| Assignment |
Return exactly the lines of the records below, starting at the line that contains "by move=> ay0; move: ay; rewrite ay0 eqxx." and ending at the line that contains "Implicit Types (s t sg : 'S_n) (i j : 'I_n).", with both of those lines kept.

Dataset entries
Lemma inCL_slotE k (p : 'I_n) (a : elt n hT) :
  k = 1%N /\ val p = 0%N \/ ~~ odd k /\ val p = k./2 ->
  inCL k a <-> a.1 = 1%g /\ (forall i : 'I_n, val i != val p -> a.2 i = 1%g).
Proof.
case=> [[-> ->]|[k_even ->]]; first by [].
by rewrite /inCL ifN ?(negbTE k_even) //; apply: contraNneq k_even => ->.
Qed.

Lemma inCL_cycleE k (a : elt n hT) : odd k -> k != 1%N ->
  inCL k a <-> a.2 = one_ffun n hT /\ exists J, (J <= k./2)%N /\ is_cycle a.1 J k./2.
Proof. by move=> k_odd k1; rewrite /inCL (negbTE k1) k_odd. Qed.

End CosetLeaders.

Section Decoder.
Variables (C : numClosedFieldType) (n m : nat) (hT : finGroupType)
          (rho : hT -> 'M[C]_m).
Hypothesis rho1 : rho 1%g = 1%:M.
Hypothesis rhoM : forall a b, rho (a * b)%g = rho a *m rho b.
Hypothesis rhoU : forall h, unitary (rho h).
Variables (v0 : 'cV[C]_m) (u : 'I_n -> C).
Hypothesis u_pos : forall i, 0 < u i.
Hypothesis u_incr : forall i j : 'I_n, (i < j)%N -> u i < u j.
Variables (rank : elt n hT -> nat) (r : vec C n m) (d : nat -> elt n hT).
Hypothesis d_run : decoding_run rho v0 u rank r d.

Let u_real i : u i \is Num.real := gtr0_real (u_pos i).
Let y k := wcomp rho d k r.

Definition slot_optimal (z : vec C n m) (i : 'I_n) :=
  forall h, recorr v0 (rho h *m z i) <= recorr v0 (z i).

Lemma corr_diag (f : {ffun 'I_n -> hT}) (z : vec C n m) :
  corr v0 u (wact rho (1%g, f) z) = \sum_i u i * recorr v0 (rho (f i) *m z i).
Proof. by apply: eq_bigr => i _; rewrite /wact /= invg1 perm1. Qed.

Lemma corr_perm (a : elt n hT) (z : vec C n m) : a.2 = one_ffun n hT ->
  corr v0 u (wact rho a z) = \sum_i u (a.1 i) * recorr v0 (z i).
Proof.
move=> a2; rewrite /corr (reindex_inj (@perm_inj _ a.1)) /=; apply: eq_bigr => i _.
by rewrite /wact a2 ffunE rho1 mul1mx permK.
Qed.

Lemma decoder_stage_opt k a : (0 < k <= 2 * n - 1)%N -> inCL k a ->
  corr v0 u (wact rho a (y k.-1)) <= corr v0 u (y k).
Proof.
case: k => // k k_range a_CL; have [_ /(_ a a_CL) [le_da _]] := d_run k_range.
by move: le_da; rewrite (ler_dist_x0 rhoU v0 u_real).
Qed.

Lemma decoder_slot_stage k (p : 'I_n) : (0 < k <= 2 * n - 1)%N ->
  k = 1%N /\ val p = 0%N \/ ~~ odd k /\ val p = k./2 ->
  (forall i, i != p -> y k i = y k.-1 i) /\ slot_optimal (y k) p.
Proof.
case: k => // k k_range kp; have [dk _] := d_run k_range.
have [d1 d2] := (inCL_slotE _ kp).1 dk.
have yE i : y k.+1 i = rho ((d k.+1).2 i) *m y k i by rewrite /y /= /wact d1 invg1 perm1.
have d_off i : i != p -> (d k.+1).2 i = 1%g by move=> ip; apply: d2.
split=> [i ip|h]; first by rewrite yE d_off // rho1 mul1mx.
pose a : elt n hT := (1%g, [ffun i => if i == p then (h * (d k.+1).2 p)%g else 1%g]).
have a_CL : inCL k.+1 a.
  by apply/(inCL_slotE a kp); split => // i ip; rewrite ffunE ifN.
have := decoder_stage_opt k_range a_CL.
have -> : corr v0 u (y k.+1) = corr v0 u (wact rho (1%g, (d k.+1).2) (y k)).
  by apply: eq_bigr => i _; rewrite yE /wact /= invg1 perm1.
rewrite !corr_diag (ler_sum_single (p := p)) => [|i ip]; last by rewrite ffunE ifN // d_off.
by rewrite ffunE eqxx rhoM -mulmxA ler_pM2l // yE.
Qed.

Lemma decoder_cycle_stage L : (1 <= L)%N -> (L < n)%N ->
  (forall i : 'I_n, (i <= L)%N -> slot_optimal (y (2 * L)) i) ->
  (forall i j : 'I_n, (i <= j)%N -> (j < L)%N ->
     recorr v0 (y (2 * L) i) <= recorr v0 (y (2 * L) j)) ->
  (forall i : 'I_n, (i <= L)%N -> slot_optimal (y (2 * L).+1) i) /\
  (forall i j : 'I_n, (i <= j <= L)%N ->
     recorr v0 (y (2 * L).+1 i) <= recorr v0 (y (2 * L).+1 j)).
Proof.
move=> L1 Ln y_opt y_sorted.
have k_range : (0 < (2 * L).+1 <= 2 * n - 1)%N by lia.
have k_odd : odd (2 * L).+1 by lia.
have k1 : (2 * L).+1 != 1%N by lia.
have [dk _] := d_run k_range.
have [d2 [J []]] := (inCL_cycleE _ k_odd k1).1 dk.
have -> : ((2 * L).+1)./2 = L by lia.
set s := (d (2 * L).+1).1 => JL cs.
set z := y (2 * L); pose w i := recorr v0 (z i).
have yE p : y (2 * L).+1 p = z ((s^-1)%g p) by rewrite /y /= /wact d2 ffunE rho1 mul1mx.
have s_opt K t : (K <= L)%N -> is_cycle t K L ->
    \sum_i u (t i) * w i <= \sum_i u (s i) * w i.
  move=> KL ct; have a_CL : inCL (2 * L).+1 (t, one_ffun n hT).
    by apply/(inCL_cycleE _ k_odd k1); split => //; exists K; rewrite (_ : _./2 = L) //; lia.
  by have := decoder_stage_opt k_range a_CL; rewrite !corr_perm.
split=> [p pL h|p q pqL]; rewrite !yE.
  by apply: y_opt; rewrite -(cycle_leq _ cs JL) permKV.
apply: (cycle_sorted cs JL Ln y_sorted _ _ pqL).
  exact: (optimal_cycle_pred u_incr cs JL Ln s_opt).
exact: (optimal_cycle_succ u_incr cs JL Ln s_opt).
Qed.

Lemma decoder_invariant l : (l < n)%N ->
  (forall i : 'I_n, (i <= l)%N -> slot_optimal (y (2 * l).+1) i) /\
  (forall i j : 'I_n, (i <= j <= l)%N ->
     recorr v0 (y (2 * l).+1 i) <= recorr v0 (y (2 * l).+1 j)).
Proof.
elim: l => [|l IH] ln.
  have k_range : (0 < 1 <= 2 * n - 1)%N by lia.
  have [_ y_opt] := decoder_slot_stage (p := Ordinal ln) k_range (or_introl (conj erefl erefl)).
  split=> [i i0|i j /andP[ij j0]].
    by have -> : i = Ordinal ln by apply/val_inj => /=; lia.
  by have -> : i = j by apply/val_inj => /=; lia.
have [IH_opt IH_sorted] := IH (ltnW ln).
pose p := Ordinal ln.
have k_range : (0 < 2 * l.+1 <= 2 * n - 1)%N by lia.
have kp : 2 * l.+1 = 1%N /\ val p = 0%N \/ ~~ odd (2 * l.+1) /\ val p = (2 * l.+1)./2.
  by right; split => /=; lia.
have [y_eq y_opt] := decoder_slot_stage k_range kp.
rewrite (_ : (2 * l.+1).-1 = (2 * l).+1) in y_eq; last by lia.
apply: decoder_cycle_stage => //.
  move=> i il; have [->//|ip] := eqVneq i p.
  move=> h; rewrite y_eq //; apply: IH_opt.
  have : nat_of_ord i != l.+1 by apply: contra_neq ip => e; apply/val_inj.
  lia.
move=> i j ij jl.
have ip : i != p by apply/eqP => /(congr1 val) /=; lia.
have jp : j != p by apply/eqP => /(congr1 val) /=; lia.
by rewrite !y_eq //; apply: IH_sorted; lia.
Qed.

Lemma decoder_output_optimal : (0 < n)%N -> forall a,
  corr v0 u (wact rho a (y (2 * n - 1))) <= corr v0 u (y (2 * n - 1)).
Proof.
move=> n0 a; have n1n : (n.-1 < n)%N by rewrite ltn_predL.
have [y_opt y_sorted] := decoder_invariant n1n.
rewrite (_ : (2 * n.-1).+1 = 2 * n - 1)%N in y_opt y_sorted; last by lia.
set z := y (2 * n - 1) in y_opt y_sorted *.
apply: (le_trans (y := \sum_i u i * recorr v0 (z ((a.1^-1)%g i)))).
  apply: ler_sum => i _; apply: ler_wpM2l; first exact: ltW.
  by apply: y_opt; have := ltn_ord ((a.1^-1)%g i); lia.
apply: (rearrangement_le (w := fun i => recorr v0 (z i))) => i j ij.
  by rewrite le_eqVlt; case: ltngtP ij => // [/u_incr -> | /val_inj ->]; rewrite ?eqxx ?orbT.
by apply: y_sorted; rewrite ij /=; have := ltn_ord j; lia.
Qed.

End Decoder.

Section Faithful.
Variables (C : numClosedFieldType) (n m : nat) (hT : finGroupType)
          (rho : hT -> 'M[C]_m).
Hypothesis rho_inj : injective rho.
Hypothesis rhoU : forall h, unitary (rho h).
Hypothesis m_gt0 : (0 < m)%N.

Lemma mx_ext_mulmx (A B : 'M[C]_m) : (forall y : 'cV[C]_m, A *m y = B *m y) -> A = B.
Proof.
move=> AB; apply/matrixP => i j.
by have /matrixP/(_ i 0) := AB (delta_mx j 0); rewrite -!colE !mxE.
Qed.

Lemma unitary_mulmx_neq0 (M : 'M[C]_m) : unitary M -> exists y : 'cV[C]_m, M *m y != 0.
Proof.
move=> MU; pose i0 := Ordinal m_gt0.
exists (col i0 (map_mx Num.conj M)^T); rewrite colE mulmxA MU mul1mx.
by apply/negP => /eqP/matrixP/(_ i0 0); rewrite !mxE !eqxx /= => /eqP; rewrite oner_eq0.
Qed.

(* Test the two actions on vectors supported on a single block. *)
Lemma wact_inj (a b : elt n hT) : (forall x, wact rho a x =1 wact rho b x) -> a = b.
Proof.
move=> ab; pose e i (y : 'cV[C]_m) : vec C n m := fun k => if k == i then y else 0.
have abV i : (a.1^-1)%g i = (b.1^-1)%g i.
  apply/eqP/negPn/negP => ne; have [y ay] := unitary_mulmx_neq0 (rhoU (a.2 i)).
  have := ab (e ((a.1^-1)%g i) y) i; rewrite /wact /e eqxx eq_sym (negbTE ne) mulmx0.
  by move=> ay0; move: ay; rewrite ay0 eqxx.
have ab1 : a.1 = b.1 by apply: invg_inj; apply/permP.
have ab2 i : a.2 i = b.2 i.
  apply: rho_inj; apply: mx_ext_mulmx => y.
  by have := ab (e ((a.1^-1)%g i) y) i; rewrite /wact /e -abV !eqxx.
by case: a b ab ab1 ab2 {abV} => [s f] [s' f'] /= _ -> ab2; congr pair; apply/ffunP.
Qed.

End Faithful.

Definition lower_count n (s : 'S_n) (j : 'I_n) : nat :=
  #|[set k : 'I_n | (k < j)%N && (s k < s j)%N]|.

Section LowerCount.
Variable n : nat.
Implicit Types (s t sg : 'S_n) (i j : 'I_n).

Lemma card_ltn_ord J : (J <= n)%N -> #|[set i : 'I_n | (i < J)%N]| = J.
Proof.
move=> Jn; have -> : [set i : 'I_n | (i < J)%N] = widen_ord Jn @: [set: 'I_J].
  apply/setP => i; rewrite inE; apply/idP/imsetP => [iJ|[k _ ->]]; last by rewrite /= ltn_ord.
  by exists (Ordinal iJ) => //; apply/val_inj.
by rewrite card_imset ?cardsT ?card_ord // => i j /(congr1 val) /= /val_inj.
Qed.

Lemma perm_fix_ge_ltn s L i :
  (forall i : 'I_n, (L <= i)%N -> s i = i) -> (i < L)%N -> (s i < L)%N.
Proof.
move=> s_fix iL; rewrite ltnNge; apply/negP => Lsi.
by have /perm_inj si := s_fix _ Lsi; move: Lsi; rewrite si leqNgt iL.
Qed.

Lemma lower_count_cycle_top s sg t J L j : is_cycle sg J L -> (J <= L)%N ->
  j = L :> nat -> (forall i : 'I_n, (L <= i)%N -> s i = i) ->
  (forall i, t i = sg (s i)) -> lower_count t j = J.
Proof.
move=> cs JL jL s_fix tE; have Ln : (L < n)%N by rewrite -jL ltn_ord.
have sj : s j = j by apply: s_fix; rewrite jL.
have sgj : nat_of_ord (sg j) = J by rewrite (is_cycleE cs) jL; cyclev_lia.
rewrite /lower_count -[RHS](@card_ltn_ord J) ?(leq_trans JL (ltnW Ln)) //.
rewrite -[RHS](card_preimset _ (@perm_inj _ s)); apply: eq_card => k.
rewrite !inE !tE sj sgj; have [kL|Lk] := ltnP k L.
  by have := perm_fix_ge_ltn s_fix kL; rewrite (is_cycleE cs); cyclev_lia.
by rewrite s_fix //; lia.
Qed.

Lemma lower_count_cycle_low s sg t J L j : is_cycle sg J L -> (J <= L)%N ->
  (j < L)%N -> (forall i : 'I_n, (L <= i)%N -> s i = i) ->
  (forall i, t i = sg (s i)) -> lower_count t j = lower_count s j.
Proof.
move=> cs JL jL s_fix tE; apply: eq_card => k; rewrite !inE !tE.
have [kj|//] := ltnP k j.
by rewrite /= (cycle_ltn_mono cs JL (perm_fix_ge_ltn s_fix (ltn_trans kj jL))
                                    (perm_fix_ge_ltn s_fix jL)).
Qed.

| Solved exercise |
  by move=> ay0; move: ay; rewrite ay0 eqxx.
have ab1 : a.1 = b.1 by apply: invg_inj; apply/permP.
have ab2 i : a.2 i = b.2 i.
  apply: rho_inj; apply: mx_ext_mulmx => y.
  by have := ab (e ((a.1^-1)%g i) y) i; rewrite /wact /e -abV !eqxx.
by case: a b ab ab1 ab2 {abV} => [s f] [s' f'] /= _ -> ab2; congr pair; apply/ffunP.
Qed.

End Faithful.

Definition lower_count n (s : 'S_n) (j : 'I_n) : nat :=
  #|[set k : 'I_n | (k < j)%N && (s k < s j)%N]|.

Section LowerCount.
Variable n : nat.
Implicit Types (s t sg : 'S_n) (i j : 'I_n).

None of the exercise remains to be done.